• **DATA SUPPLIED**:
──────
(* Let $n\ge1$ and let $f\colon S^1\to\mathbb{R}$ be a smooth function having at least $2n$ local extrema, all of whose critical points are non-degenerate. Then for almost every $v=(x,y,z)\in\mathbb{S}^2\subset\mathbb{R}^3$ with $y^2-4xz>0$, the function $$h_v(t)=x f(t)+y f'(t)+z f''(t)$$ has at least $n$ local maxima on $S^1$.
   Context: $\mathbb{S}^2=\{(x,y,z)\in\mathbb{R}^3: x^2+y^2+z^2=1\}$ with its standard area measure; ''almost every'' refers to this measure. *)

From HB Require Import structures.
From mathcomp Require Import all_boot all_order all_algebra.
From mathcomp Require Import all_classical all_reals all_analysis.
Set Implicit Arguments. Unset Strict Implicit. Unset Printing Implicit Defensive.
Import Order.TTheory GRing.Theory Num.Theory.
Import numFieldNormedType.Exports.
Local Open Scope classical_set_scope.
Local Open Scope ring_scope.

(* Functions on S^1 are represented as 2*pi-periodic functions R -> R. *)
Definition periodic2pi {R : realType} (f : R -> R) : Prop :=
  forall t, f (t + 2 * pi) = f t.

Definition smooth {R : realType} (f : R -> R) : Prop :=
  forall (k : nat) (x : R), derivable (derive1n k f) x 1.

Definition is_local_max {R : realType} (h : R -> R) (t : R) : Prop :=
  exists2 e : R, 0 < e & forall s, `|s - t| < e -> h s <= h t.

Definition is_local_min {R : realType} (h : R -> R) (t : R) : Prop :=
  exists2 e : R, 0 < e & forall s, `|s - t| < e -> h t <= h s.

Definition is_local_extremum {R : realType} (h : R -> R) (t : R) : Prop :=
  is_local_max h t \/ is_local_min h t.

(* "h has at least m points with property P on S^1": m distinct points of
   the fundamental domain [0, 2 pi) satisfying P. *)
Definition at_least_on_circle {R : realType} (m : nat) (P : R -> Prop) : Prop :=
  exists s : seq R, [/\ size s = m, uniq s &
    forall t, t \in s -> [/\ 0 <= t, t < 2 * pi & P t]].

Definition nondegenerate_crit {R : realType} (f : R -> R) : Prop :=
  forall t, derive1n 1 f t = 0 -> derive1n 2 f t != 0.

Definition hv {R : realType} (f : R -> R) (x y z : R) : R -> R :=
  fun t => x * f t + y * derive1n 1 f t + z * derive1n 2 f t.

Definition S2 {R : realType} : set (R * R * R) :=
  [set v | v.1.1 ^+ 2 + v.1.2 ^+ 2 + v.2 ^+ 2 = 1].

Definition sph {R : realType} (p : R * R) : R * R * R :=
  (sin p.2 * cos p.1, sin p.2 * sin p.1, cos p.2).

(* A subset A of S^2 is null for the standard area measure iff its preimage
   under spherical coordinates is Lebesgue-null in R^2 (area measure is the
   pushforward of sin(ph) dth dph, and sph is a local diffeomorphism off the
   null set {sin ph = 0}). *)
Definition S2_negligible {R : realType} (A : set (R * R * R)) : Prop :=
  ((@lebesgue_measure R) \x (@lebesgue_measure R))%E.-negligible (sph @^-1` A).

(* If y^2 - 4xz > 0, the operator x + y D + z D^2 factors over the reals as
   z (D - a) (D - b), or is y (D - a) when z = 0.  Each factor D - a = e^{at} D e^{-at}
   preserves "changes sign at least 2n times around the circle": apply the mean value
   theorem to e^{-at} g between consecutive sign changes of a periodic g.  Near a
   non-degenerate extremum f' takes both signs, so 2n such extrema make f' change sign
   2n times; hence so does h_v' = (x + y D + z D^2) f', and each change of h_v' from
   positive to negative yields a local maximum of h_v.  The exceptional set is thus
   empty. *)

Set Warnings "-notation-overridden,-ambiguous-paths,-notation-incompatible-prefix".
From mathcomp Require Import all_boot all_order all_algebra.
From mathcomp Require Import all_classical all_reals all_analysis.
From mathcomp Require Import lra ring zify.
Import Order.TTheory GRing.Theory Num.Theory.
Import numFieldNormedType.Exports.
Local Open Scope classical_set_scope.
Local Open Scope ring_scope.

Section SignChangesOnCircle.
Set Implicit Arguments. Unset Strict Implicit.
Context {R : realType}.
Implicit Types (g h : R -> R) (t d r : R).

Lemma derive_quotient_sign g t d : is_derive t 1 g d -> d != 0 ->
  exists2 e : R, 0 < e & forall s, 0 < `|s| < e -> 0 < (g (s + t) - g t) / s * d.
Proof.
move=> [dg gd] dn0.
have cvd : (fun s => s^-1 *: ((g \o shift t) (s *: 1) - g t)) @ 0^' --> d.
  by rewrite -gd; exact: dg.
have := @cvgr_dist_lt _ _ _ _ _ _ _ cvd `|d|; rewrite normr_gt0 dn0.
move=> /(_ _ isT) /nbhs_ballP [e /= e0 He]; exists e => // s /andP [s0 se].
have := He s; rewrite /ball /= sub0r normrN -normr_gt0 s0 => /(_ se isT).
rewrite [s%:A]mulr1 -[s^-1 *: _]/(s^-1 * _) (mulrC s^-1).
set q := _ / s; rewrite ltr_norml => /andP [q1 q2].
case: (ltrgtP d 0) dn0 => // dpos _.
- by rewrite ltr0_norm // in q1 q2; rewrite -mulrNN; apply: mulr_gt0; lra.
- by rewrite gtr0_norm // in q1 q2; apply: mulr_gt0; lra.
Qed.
──────
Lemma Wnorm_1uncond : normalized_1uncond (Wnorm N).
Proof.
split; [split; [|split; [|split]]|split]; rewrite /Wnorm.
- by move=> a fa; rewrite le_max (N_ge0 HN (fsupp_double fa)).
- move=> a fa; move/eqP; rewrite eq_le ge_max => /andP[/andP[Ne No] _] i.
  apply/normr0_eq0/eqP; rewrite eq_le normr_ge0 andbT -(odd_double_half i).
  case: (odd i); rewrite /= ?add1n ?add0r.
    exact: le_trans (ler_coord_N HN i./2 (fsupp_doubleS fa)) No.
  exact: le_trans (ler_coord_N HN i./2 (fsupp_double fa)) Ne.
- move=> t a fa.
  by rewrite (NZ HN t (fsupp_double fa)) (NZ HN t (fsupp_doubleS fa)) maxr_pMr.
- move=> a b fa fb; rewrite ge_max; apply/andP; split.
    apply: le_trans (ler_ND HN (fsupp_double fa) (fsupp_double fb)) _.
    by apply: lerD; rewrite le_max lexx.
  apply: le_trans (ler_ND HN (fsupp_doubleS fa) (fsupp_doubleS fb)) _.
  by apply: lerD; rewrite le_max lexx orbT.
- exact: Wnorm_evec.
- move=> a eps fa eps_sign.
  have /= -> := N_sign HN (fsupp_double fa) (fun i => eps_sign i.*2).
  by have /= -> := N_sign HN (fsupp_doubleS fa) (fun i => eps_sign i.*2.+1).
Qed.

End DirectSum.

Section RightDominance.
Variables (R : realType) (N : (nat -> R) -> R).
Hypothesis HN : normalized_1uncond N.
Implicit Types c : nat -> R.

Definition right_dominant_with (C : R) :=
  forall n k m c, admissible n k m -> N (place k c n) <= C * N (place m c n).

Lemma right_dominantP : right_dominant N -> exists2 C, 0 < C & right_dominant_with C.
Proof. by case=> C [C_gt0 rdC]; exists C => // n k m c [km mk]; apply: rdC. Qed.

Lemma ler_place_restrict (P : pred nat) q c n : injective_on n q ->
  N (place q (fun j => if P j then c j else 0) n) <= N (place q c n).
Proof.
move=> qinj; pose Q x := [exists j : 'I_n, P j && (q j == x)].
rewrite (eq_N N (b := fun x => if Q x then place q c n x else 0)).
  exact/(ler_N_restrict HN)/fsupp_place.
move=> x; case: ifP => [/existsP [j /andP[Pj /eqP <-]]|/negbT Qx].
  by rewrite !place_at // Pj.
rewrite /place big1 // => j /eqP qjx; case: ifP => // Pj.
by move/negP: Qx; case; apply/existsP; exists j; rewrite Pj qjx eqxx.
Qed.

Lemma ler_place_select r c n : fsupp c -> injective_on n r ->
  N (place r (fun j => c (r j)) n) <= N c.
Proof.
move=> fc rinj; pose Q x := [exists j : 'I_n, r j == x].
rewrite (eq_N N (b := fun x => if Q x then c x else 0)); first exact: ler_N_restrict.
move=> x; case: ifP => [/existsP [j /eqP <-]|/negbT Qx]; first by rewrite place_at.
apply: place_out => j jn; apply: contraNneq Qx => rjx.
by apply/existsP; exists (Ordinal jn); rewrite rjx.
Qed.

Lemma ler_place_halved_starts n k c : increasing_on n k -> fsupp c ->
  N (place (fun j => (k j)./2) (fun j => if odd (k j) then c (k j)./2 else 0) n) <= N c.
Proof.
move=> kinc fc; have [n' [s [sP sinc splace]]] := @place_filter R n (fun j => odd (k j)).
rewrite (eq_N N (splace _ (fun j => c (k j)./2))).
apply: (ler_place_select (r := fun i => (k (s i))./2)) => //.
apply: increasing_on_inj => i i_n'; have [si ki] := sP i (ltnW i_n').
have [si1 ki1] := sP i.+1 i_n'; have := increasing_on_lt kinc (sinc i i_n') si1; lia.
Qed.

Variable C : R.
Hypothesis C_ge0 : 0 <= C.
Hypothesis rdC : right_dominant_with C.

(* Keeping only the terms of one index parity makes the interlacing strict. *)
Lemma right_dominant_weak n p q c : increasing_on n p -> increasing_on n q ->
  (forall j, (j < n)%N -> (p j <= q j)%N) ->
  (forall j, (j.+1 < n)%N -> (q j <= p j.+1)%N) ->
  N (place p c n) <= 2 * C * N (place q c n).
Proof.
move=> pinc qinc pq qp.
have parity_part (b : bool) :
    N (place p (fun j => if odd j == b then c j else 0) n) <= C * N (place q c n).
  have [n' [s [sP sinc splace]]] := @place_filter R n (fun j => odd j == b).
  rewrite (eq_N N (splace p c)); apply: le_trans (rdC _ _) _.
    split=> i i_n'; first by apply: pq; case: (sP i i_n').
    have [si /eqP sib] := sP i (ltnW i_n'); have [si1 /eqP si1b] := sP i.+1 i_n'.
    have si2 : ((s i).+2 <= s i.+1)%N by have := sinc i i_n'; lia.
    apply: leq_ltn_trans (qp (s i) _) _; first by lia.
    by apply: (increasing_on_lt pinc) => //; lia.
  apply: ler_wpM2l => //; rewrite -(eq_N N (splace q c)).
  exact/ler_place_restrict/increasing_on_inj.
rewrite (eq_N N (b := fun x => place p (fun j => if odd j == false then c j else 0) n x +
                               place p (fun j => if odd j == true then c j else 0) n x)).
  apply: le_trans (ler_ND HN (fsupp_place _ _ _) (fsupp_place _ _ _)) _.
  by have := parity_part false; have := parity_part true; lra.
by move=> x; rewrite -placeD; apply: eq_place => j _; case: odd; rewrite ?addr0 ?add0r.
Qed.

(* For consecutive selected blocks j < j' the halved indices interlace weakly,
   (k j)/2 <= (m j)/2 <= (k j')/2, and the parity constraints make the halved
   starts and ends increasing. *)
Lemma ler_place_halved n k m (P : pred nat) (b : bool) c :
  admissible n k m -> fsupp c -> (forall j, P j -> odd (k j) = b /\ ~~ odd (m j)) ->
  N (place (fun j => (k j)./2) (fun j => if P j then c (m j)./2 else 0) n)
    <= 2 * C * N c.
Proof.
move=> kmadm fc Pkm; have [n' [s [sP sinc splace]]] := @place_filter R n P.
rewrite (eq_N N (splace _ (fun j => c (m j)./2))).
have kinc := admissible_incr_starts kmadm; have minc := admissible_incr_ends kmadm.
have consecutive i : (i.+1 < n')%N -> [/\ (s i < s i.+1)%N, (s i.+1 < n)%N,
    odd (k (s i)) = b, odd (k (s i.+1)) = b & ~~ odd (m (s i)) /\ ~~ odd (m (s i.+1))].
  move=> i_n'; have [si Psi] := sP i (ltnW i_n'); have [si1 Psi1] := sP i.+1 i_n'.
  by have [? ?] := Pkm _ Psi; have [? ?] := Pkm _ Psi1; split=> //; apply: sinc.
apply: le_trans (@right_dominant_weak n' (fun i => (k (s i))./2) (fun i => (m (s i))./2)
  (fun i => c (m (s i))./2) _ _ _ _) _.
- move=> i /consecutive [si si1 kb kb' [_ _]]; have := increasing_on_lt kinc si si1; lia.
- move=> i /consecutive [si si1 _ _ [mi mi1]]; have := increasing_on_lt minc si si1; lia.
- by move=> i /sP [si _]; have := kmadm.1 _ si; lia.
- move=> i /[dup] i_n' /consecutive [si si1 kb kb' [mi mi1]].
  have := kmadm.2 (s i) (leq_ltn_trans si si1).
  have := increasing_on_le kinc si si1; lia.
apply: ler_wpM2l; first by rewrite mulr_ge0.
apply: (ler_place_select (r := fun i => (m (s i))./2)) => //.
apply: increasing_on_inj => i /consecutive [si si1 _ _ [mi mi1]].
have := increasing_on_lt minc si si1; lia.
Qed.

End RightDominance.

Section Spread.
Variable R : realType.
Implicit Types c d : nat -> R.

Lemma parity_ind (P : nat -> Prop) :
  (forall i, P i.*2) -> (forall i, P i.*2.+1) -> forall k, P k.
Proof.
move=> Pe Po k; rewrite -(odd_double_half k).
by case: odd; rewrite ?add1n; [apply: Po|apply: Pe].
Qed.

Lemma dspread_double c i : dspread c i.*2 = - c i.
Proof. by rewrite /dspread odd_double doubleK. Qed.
──────
• **EXERCISE AIM**: Please, from the entries above, set down exactly the lines from the one containing "N (place r (fun j => c (r j)) n) <= N c." through the one containing "Lemma ler_place_halved_starts n", and only those.

• **ANSWER SECTION**:
  N (place r (fun j => c (r j)) n) <= N c.
Proof.
move=> fc rinj; pose Q x := [exists j : 'I_n, r j == x].
rewrite (eq_N N (b := fun x => if Q x then c x else 0)); first exact: ler_N_restrict.
move=> x; case: ifP => [/existsP [j /eqP <-]|/negbT Qx]; first by rewrite place_at.
apply: place_out => j jn; apply: contraNneq Qx => rjx.
by apply/existsP; exists (Ordinal jn); rewrite rjx.
Qed.

Lemma ler_place_halved_starts n k c : increasing_on n k -> fsupp c ->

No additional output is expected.